Anyhoo…you’re not going to be able to download a lot of the movies out there. When you can, just right click on them. But if you want to save most of them you need to buy QuickTime Pro. $30. Before the inevitable Linux/Windows guys pile on, yes it’s shitty and yes, this is a perfect example of Apple ripping us off. This funtionality should be free.
There are workarounds, like Xander showed, but they’re inelegant; and we MAC users hate inelegant.
Here, read up on this:
http://home.sol.se/michael/qtguide/
Billy K
Yah, this really needs to end. I paid my tithe, but it still really galls me. Complete BS.
rreay
[long time lurker, 4th time poster]
John has Final Cut Pro, that includes the Quicktime license.
Jon H
“Apple crippled all the formerly freely-available options in QuickTime Player to Present movie (black out screen to view movie),”
Quicktime now lets you view a movie in fullscreen with everything else blacked out.
And of course you can drop movies in ~/Movies, hit command-esc, and watch via Front Row.
John, have you tried Front Row yet?
xander
It’s true you already have final cut pro, that you also have a serial number for quicktime, but you must serialize quicktime separately. There is a sheet that comes with Final Cut that has stickers with serial numbers, a set for Final Cut, and a set for Quicktime. Qicktime pro is very handy to convert between formats, quicker than sending it through final cut or another editing program. You can even edit in Quicktime pro, but not recommended.

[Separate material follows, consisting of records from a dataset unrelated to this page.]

(* Suppose $|X|\ge3$ and let $t$ be a full support, state independent transition function, written $t(x)\in\Delta(\mathcal{L}(X))$. Then $t$ is menu invariant if and only if $t(x)=t(y)$ for all $x,y\in X$.
   Context: $X$ is finite, $\mathcal{X}_2$ the subsets of $X$ with at least two elements, $\mathcal{L}(X)$ the linear orders on $X$, $M(\succ,A)$ the $\succ$-maximal element of $A$. A transition function $t:X\times\mathcal{L}(X)\to\Delta(\mathcal{L}(X))$ is full support if all values have full support, and state independent if $t(x,\succ)=t(x,\succ')$ for all $x,\succ,\succ'$. For $A\in\mathcal{X}_2$, $M_A$ is the Markov matrix on $\mathcal{L}(X)$ with $m_A(\succ,\succ')=t_{\succ'}(M(\succ,A),\succ)$ (probability of $\succ'$ under $t(M(\succ,A),\succ)$), with unique stationary distribution $\nu_A$. $t$ is menu invariant if $\nu_A=\nu_B$ for all $A,B\in\mathcal{X}_2$. *)

From HB Require Import structures.
From mathcomp Require Import all_boot all_order all_algebra.
Set Implicit Arguments. Unset Strict Implicit. Unset Printing Implicit Defensive.
Import Order.TTheory GRing.Theory Num.Theory.
Local Open Scope ring_scope.

Section Defs.
Variable X : finType.

(* A (strict) linear order on X, encoded as a boolean relation r with
   r (x, y) meaning "x is strictly preferred to y" (x ≻ y):
   irreflexive, transitive and total on distinct elements. *)
Definition is_linear_order (r : {ffun X * X -> bool}) : bool :=
  [&& [forall x, ~~ r (x, x)],
      [forall x, forall y, forall z, r (x, y) && r (y, z) ==> r (x, z)]
    & [forall x, forall y, (x != y) ==> r (x, y) || r (y, x)]].

Definition linord : Type := {r : {ffun X * X -> bool} | is_linear_order r}.
HB.instance Definition _ := Finite.on linord.

Definition menu (A : {set X}) : bool := (1 < #|A|)%N.

(* M(≻, A): the ≻-maximal element of A (None only if A has none, which
   never happens for nonempty A). *)
Definition maxel (o : linord) (A : {set X}) : option X :=
  [pick x in A | [forall y in A, (y != x) ==> val o (x, y)]].

Variable R : realFieldType.

Definition is_dist (p : {ffun linord -> R}) : Prop :=
  (forall o, 0 <= p o) /\ \sum_o p o = 1.

Definition transition := X -> linord -> {ffun linord -> R}.

Definition is_transition (t : transition) : Prop :=
  forall x o, is_dist (t x o).

Definition full_support (t : transition) : Prop :=
  forall x o o', 0 < t x o o'.

Definition state_independent (t : transition) : Prop :=
  forall x o o', t x o = t x o'.

(* m_A(≻, ≻') = t_{≻'}(M(≻, A), ≻). *)
Definition markov (t : transition) (A : {set X}) (o o' : linord) : R :=
  match maxel o A with
  | Some x => t x o o'
  | None => 0
  end.

Definition stationary (t : transition) (A : {set X}) (nu : {ffun linord -> R}) : Prop :=
  is_dist nu /\ forall o', \sum_o nu o * markov t A o o' = nu o'.

(* ν_A = ν_B for all menus A, B: any stationary distribution of M_A equals
   any stationary distribution of M_B (ν_A is unique under full support). *)
Definition menu_invariant (t : transition) : Prop :=
  forall A B, menu A -> menu B ->
  forall nuA nuB, stationary t A nuA -> stationary t B nuB -> nuA = nuB.

End Defs.

(* For a state independent t, write p_x := t(x). A stationary distribution of
   M_A is a convex combination of the rows p_x, x in A, weighted by the
   probability that x is the maximum of A. If all rows coincide it is that
   row, whatever A is. Conversely, for a pair menu {x, y} the chain only
   tracks which of x, y is on top, so nu_{x,y} lies strictly inside the
   segment [p_x, p_y] (full support rules out the endpoints). With a third
   alternative z, menu invariance puts one point strictly inside all three
   edges of the triangle p_x p_y p_z, which forces p_x = p_y. *)

From mathcomp Require Import all_boot all_order all_algebra.
From mathcomp Require Import ring lra.
Import Order.TTheory GRing.Theory Num.Theory.
Set Implicit Arguments. Unset Strict Implicit. Unset Printing Implicit Defensive.
Local Open Scope ring_scope.

Section LinearOrders.
Variable X : finType.
Implicit Types (o : linord X) (u v w : X).

Lemma linord_irr o u : ~~ val o (u, u).
Proof. by case/and3P: (valP o) => /forallP. Qed.

Lemma linord_trans o u v w : val o (u, v) -> val o (v, w) -> val o (u, w).
Proof.
case/and3P: (valP o) => _ /forallP htr _ huv hvw.
by move/forallP/(_ v)/forallP/(_ w)/implyP: (htr u); apply; rewrite huv.
Qed.

Lemma linord_total o u v : u != v -> val o (u, v) || val o (v, u).
Proof.
by case/and3P: (valP o) => _ _ /forallP htot; move/forallP/(_ v)/implyP: (htot u).
Qed.

Lemma linord_asym o u v : val o (u, v) -> ~~ val o (v, u).
Proof. by move=> huv; apply: contraNN (linord_irr o u); apply: linord_trans. Qed.

Lemma rank_order_is_linear :
  is_linear_order [ffun uv : X * X => (enum_rank uv.1 < enum_rank uv.2)%N].
Proof.
apply/and3P; split.
- by apply/forallP => u; rewrite ffunE ltnn.
- apply/forallP => u; apply/forallP => v; apply/forallP => w; rewrite !ffunE /=.
  by apply/implyP => /andP[]; apply: ltn_trans.
- apply/forallP => u; apply/forallP => v; apply/implyP => nuv.
  rewrite !ffunE /= -neq_ltn.
  by apply: contra nuv => /eqP/val_inj/enum_rank_inj ->.
Qed.

Definition rank_order : linord X :=
  exist (fun r => is_linear_order r) _ rank_order_is_linear.

Lemma converse_is_linear o : is_linear_order [ffun uv : X * X => val o (uv.2, uv.1)].
Proof.
apply/and3P; split.
- by apply/forallP => u; rewrite ffunE linord_irr.
- apply/forallP => u; apply/forallP => v; apply/forallP => w; rewrite !ffunE /=.
  by apply/implyP => /andP[hvu hwv]; apply: linord_trans hwv hvu.
- apply/forallP => u; apply/forallP => v; apply/implyP => nuv.
  rewrite !ffunE /= orbC.
  exact: linord_total.
Qed.

Definition converse_order o : linord X :=
  exist (fun r => is_linear_order r) _ (converse_is_linear o).

Lemma exists_linord u v : u != v -> exists o, val o (u, v).
Proof.
move=> nuv; have /orP[huv | hvu] := linord_total rank_order nuv.
  by exists rank_order.
by exists (converse_order rank_order); rewrite /= ffunE.
Qed.

Lemma menu_pair u v : u != v -> menu [set u; v].
Proof. by move=> nuv; rewrite /menu cards2 nuv. Qed.

Lemma exists_neq_pair u v : (2 < #|X|)%N -> exists2 w, w != u & w != v.
Proof.
move=> X_gt2; have : (0 < #|~: [set u; v]|)%N.
  by rewrite cardsCs setCK cards2 subn_gt0; apply: leq_ltn_trans X_gt2; case: (u != v).
by case/card_gt0P => w; rewrite !inE negb_or => /andP[wu wv]; exists w.
Qed.

Lemma maxel_eq_Some o (A : {set X}) u :
  u \in A -> (forall v, v \in A -> v != u -> val o (u, v)) -> maxel o A = Some u.
Proof.
move=> uA umax; rewrite /maxel; case: pickP => [w /andP[wA /forall_inP wmax] | nomax].
  apply/eqP/negPn/negP => wu; have uw : u != w by rewrite eq_sym.
  have := wmax u uA; rewrite uw /=.
  by apply/negP/linord_asym/umax.
have := nomax u; rewrite uA => /negP; case; apply/forall_inP => v vA.
by apply/implyP; apply: umax.
Qed.

Lemma maxel_pair o u v : u != v ->
  maxel o [set u; v] = Some (if val o (u, v) then u else v).
Proof.
move=> nuv; apply: maxel_eq_Some; first by case: ifP; rewrite !inE eqxx ?orbT.
move=> w; rewrite !inE; case: ifP => huv /orP[] /eqP -> //; rewrite ?eqxx //.
by have := linord_total o nuv; rewrite huv.
Qed.

End LinearOrders.

Section ConvexAlgebra.
Variable R : realFieldType.

Lemma eq_of_point_inside_edges (a b c P Q Z : R) :
  0 < a < 1 -> 0 < b < 1 -> 0 < c < 1 ->
  a * P + (1 - a) * Q = b * P + (1 - b) * Z ->
  a * P + (1 - a) * Q = c * Q + (1 - c) * Z -> P = Q.
Proof.
move=> /andP[a0 a1] /andP[b0 b1] /andP[c0 c1] ePZ eQZ.
have K0 : 0 < c * a * (1 - b) + b * (1 - a) * (1 - c).
  have : 0 < c * a * (1 - b) by rewrite !mulr_gt0 // subr_gt0.
  have : 0 <= b * (1 - a) * (1 - c) by rewrite !mulr_ge0 // ?subr_ge0 ltW.
  lra.
have : (P - Q) * (c * a * (1 - b) + b * (1 - a) * (1 - c)) =
   (1 - c) * ((b * P + (1 - b) * Z) - (a * P + (1 - a) * Q))
 - (1 - b) * ((c * Q + (1 - c) * Z) - (a * P + (1 - a) * Q)) by ring.
rewrite -ePZ -eQZ !subrr !mulr0 subrr => /eqP.
by rewrite mulf_eq0 (gt_eqF K0) orbF subr_eq0 => /eqP.
Qed.

Variable T : finType.

Lemma sumr_gt0 (F : T -> R) (S : pred T) i :
  (forall j, 0 < F j) -> S i -> 0 < \sum_(j | S j) F j.
Proof.
move=> F_gt0 Si; rewrite (bigD1 i) //=; apply: ltr_pwDl (F_gt0 i) _.
by apply: sumr_ge0 => j _; apply: ltW.
Qed.

Definition mix (a : R) (F G : {ffun T -> R}) : {ffun T -> R} :=
  [ffun i => a * F i + (1 - a) * G i].

Lemma sum_mix a (F G : {ffun T -> R}) :
  \sum_i F i = 1 -> \sum_i G i = 1 -> \sum_i mix a F G i = 1.
Proof.
move=> F1 G1; under eq_bigr do rewrite ffunE.
by rewrite big_split /= -!mulr_sumr F1 G1; ring.
Qed.

(* The chain that jumps according to F from states in S and according to G
   elsewhere only sees the two blocks; a solves the balance equation
   (1 - a) * beta = a * (1 - alpha) between them. *)
Lemma two_block_stationary (F G : {ffun T -> R}) (S : pred T) :
  let alpha := \sum_(i | S i) F i in let beta := \sum_(i | S i) G i in
  let a := beta / (1 - alpha + beta) in
  \sum_i F i = 1 -> \sum_i G i = 1 -> 1 - alpha + beta != 0 ->
  forall j, \sum_i mix a F G i * (if S i then F j else G j) = mix a F G j.
Proof.
move=> alpha beta a F1 G1 D0 j.
have mass_S : \sum_(i | S i) mix a F G i = a.
  under eq_bigr do rewrite ffunE.
  rewrite big_split /= -!mulr_sumr -/alpha -/beta.
  have : a * (1 - alpha + beta) = beta by rewrite divfK.
  lra.
rewrite (bigID S) /=.
under eq_bigr => i Si do rewrite Si.
under [X in _ + X]eq_bigr => i nSi do rewrite (negbTE nSi).
rewrite -!mulr_suml mass_S.
have -> : \sum_(i | ~~ S i) mix a F G i = 1 - a.
  by have := sum_mix a F1 G1; rewrite (bigID S) /= mass_S; lra.
by rewrite ffunE.
Qed.

Lemma eq_of_stationary_rank_one (nu q : {ffun T -> R}) (w : T -> R) :
  \sum_i nu i = 1 -> \sum_i q i = 1 ->
  (forall j, \sum_i nu i * (w i * q j) = nu j) -> nu = q.
Proof.
move=> nu1 q1 stat; pose s := \sum_i nu i * w i.
have nu_q j : nu j = s * q j.
  by rewrite -stat /s mulr_suml; apply: eq_bigr => i _; rewrite mulrA.
have s1 : s = 1 by rewrite -nu1 (eq_bigr _ (fun j _ => nu_q j)) -mulr_sumr q1 mulr1.
by apply/ffunP => j; rewrite nu_q s1 mul1r.
Qed.

End ConvexAlgebra.

Section StateIndependent.
Variables (X : finType) (R : realFieldType) (t : transition X R).
Hypotheses (t_dist : is_transition t) (t_si : state_independent t).

Let p (x : X) : {ffun linord X -> R} := t x (rank_order X).

Let t_row x o : t x o = p x. Proof. exact: t_si. Qed.

Let p_sum x : \sum_o p x o = 1. Proof. by case: (t_dist x (rank_order X)). Qed.

Lemma stationary_eq_row (x0 : X) :
  (forall x y o, t x o = t y o) ->
  forall A nu, stationary t A nu -> nu = p x0.
Proof.
move=> rows_eq A nu [[_ nu1] stat].
apply: (eq_of_stationary_rank_one (w := fun o => if maxel o A is Some _ then 1 else 0)) => //.
move=> o'; rewrite -[RHS]stat; apply: eq_bigr => o _; rewrite /markov.
by case: maxel => [x|]; rewrite ?mul1r ?mul0r // (rows_eq x x0) t_row.
Qed.

Lemma rows_eq_menu_invariant : (forall x y o, t x o = t y o) -> menu_invariant t.
Proof.
move=> rows_eq A B menuA _ nuA nuB stA stB.
have [x0 _] := card_gt0P (ltnW menuA).
by rewrite (stationary_eq_row x0 rows_eq stA) (stationary_eq_row x0 rows_eq stB).
Qed.

Hypothesis t_full : full_support t.

Lemma markov_pair u v o o' : u != v ->
  markov t [set u; v] o o' = if val o (u, v) then p u o' else p v o'.
Proof. by move=> nuv; rewrite /markov maxel_pair //; case: ifP; rewrite t_row. Qed.

Lemma pair_stationary u v : u != v ->
  exists2 a : R, 0 < a < 1 & stationary t [set u; v] (mix a (p u) (p v)).
Proof.
move=> nuv; pose S (o : linord X) := val o (u, v).
pose alpha := \sum_(o | S o) p u o; pose beta := \sum_(o | S o) p v o.
have beta_gt0 : 0 < beta.
  by have [o huv] := exists_linord nuv; apply: sumr_gt0 (t_full _ _) huv.
have alpha_lt1 : alpha < 1.
  have [o hvu] : exists o : linord X, val o (v, u) by apply: exists_linord; rewrite eq_sym.
  have : 0 < \sum_(o | ~~ S o) p u o by apply: sumr_gt0 (t_full _ _) (linord_asym hvu).
  by have := p_sum u; rewrite (bigID S) /= -/alpha; lra.
have D0 : 0 < 1 - alpha + beta by lra.
have /andP[a_gt0 a_lt1] : 0 < beta / (1 - alpha + beta) < 1.
  by rewrite divr_gt0 //= ltr_pdivrMr // mul1r; lra.
exists (beta / (1 - alpha + beta)); first by rewrite a_gt0 a_lt1.
split; first split.
- move=> o; have [[pu_ge0 _] [pv_ge0 _]] :=
    (t_dist u (rank_order X), t_dist v (rank_order X)).
  by rewrite ffunE addr_ge0 // mulr_ge0 // ?subr_ge0 ltW.
- exact: sum_mix.
- move=> o'; under eq_bigr do rewrite markov_pair //.
  by apply: two_block_stationary; rewrite ?p_sum ?gt_eqF.
Qed.

Lemma menu_invariant_rows_eq :
  (2 < #|X|)%N -> menu_invariant t -> forall x y o, t x o = t y o.
Proof.
move=> X_gt2 t_inv x y o; rewrite !t_row; have [-> // | nxy] := eqVneq x y.
have [z zx zy] := exists_neq_pair x y X_gt2.
have [nxz nyz] : x != z /\ y != z by rewrite ![_ == z]eq_sym.
have [a a01 st_xy] := pair_stationary nxy.
have [b b01 st_xz] := pair_stationary nxz.
have [c c01 st_yz] := pair_stationary nyz.
have eq_xz := t_inv _ _ (menu_pair nxy) (menu_pair nxz) _ _ st_xy st_xz.
have eq_yz := t_inv _ _ (menu_pair nxy) (menu_pair nyz) _ _ st_xy st_yz.
apply/ffunP => o'; apply: (eq_of_point_inside_edges (Z := p z o') a01 b01 c01).
  by move/ffunP/(_ o'): eq_xz; rewrite !ffunE.
by move/ffunP/(_ o'): eq_yz; rewrite !ffunE.
Qed.

End StateIndependent.

Theorem proposition6 (X : finType) (R : realFieldType) (t : transition X R) :
  (2 < #|X|)%N ->
  is_transition t -> full_support t -> state_independent t ->
  (menu_invariant t <-> forall (x y : X) (o : linord X), t x o = t y o).
Proof.
move=> X_gt2 t_dist t_full t_si; split.
  exact: menu_invariant_rows_eq.
exact: rows_eq_menu_invariant.
Qed.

Alot of people don’t want you to download their content so they disable the download option for the movie, but with the safari method, and the methods BillyK’s link describes, allow you to get around that. The activity monitor is just a window in safari that let’s you see what safari is downloading, which enables you to see the DIRECT link to the quicktime movie being download into safari’s browser. (you can look through your cache but it is easier to just copy and paste it from the activity monitor to the download window.)this works for any file, a picture, a flash movie (.flv, which is the format you tube uses) or an avi, etc…
Walker
Hold down the control key while you click. That is the one-button-Mac equivalent of a Windows “right click”. When you do this on a hyperlink, image, or movie, this will bring up a pop-up menu like right click does in windows. This menu will give you an option to download.
Jon H
“. That is the one-button-Mac equivalent of a Windows “right click”. ”
I believe John’s Mac would have come with the current mouse, which effectively has multiple buttons (left, right, the scroll ball on top, and, I think, squeezing).
It may be necessary to go into System Preferences and set up the mouse to make it use all the buttons.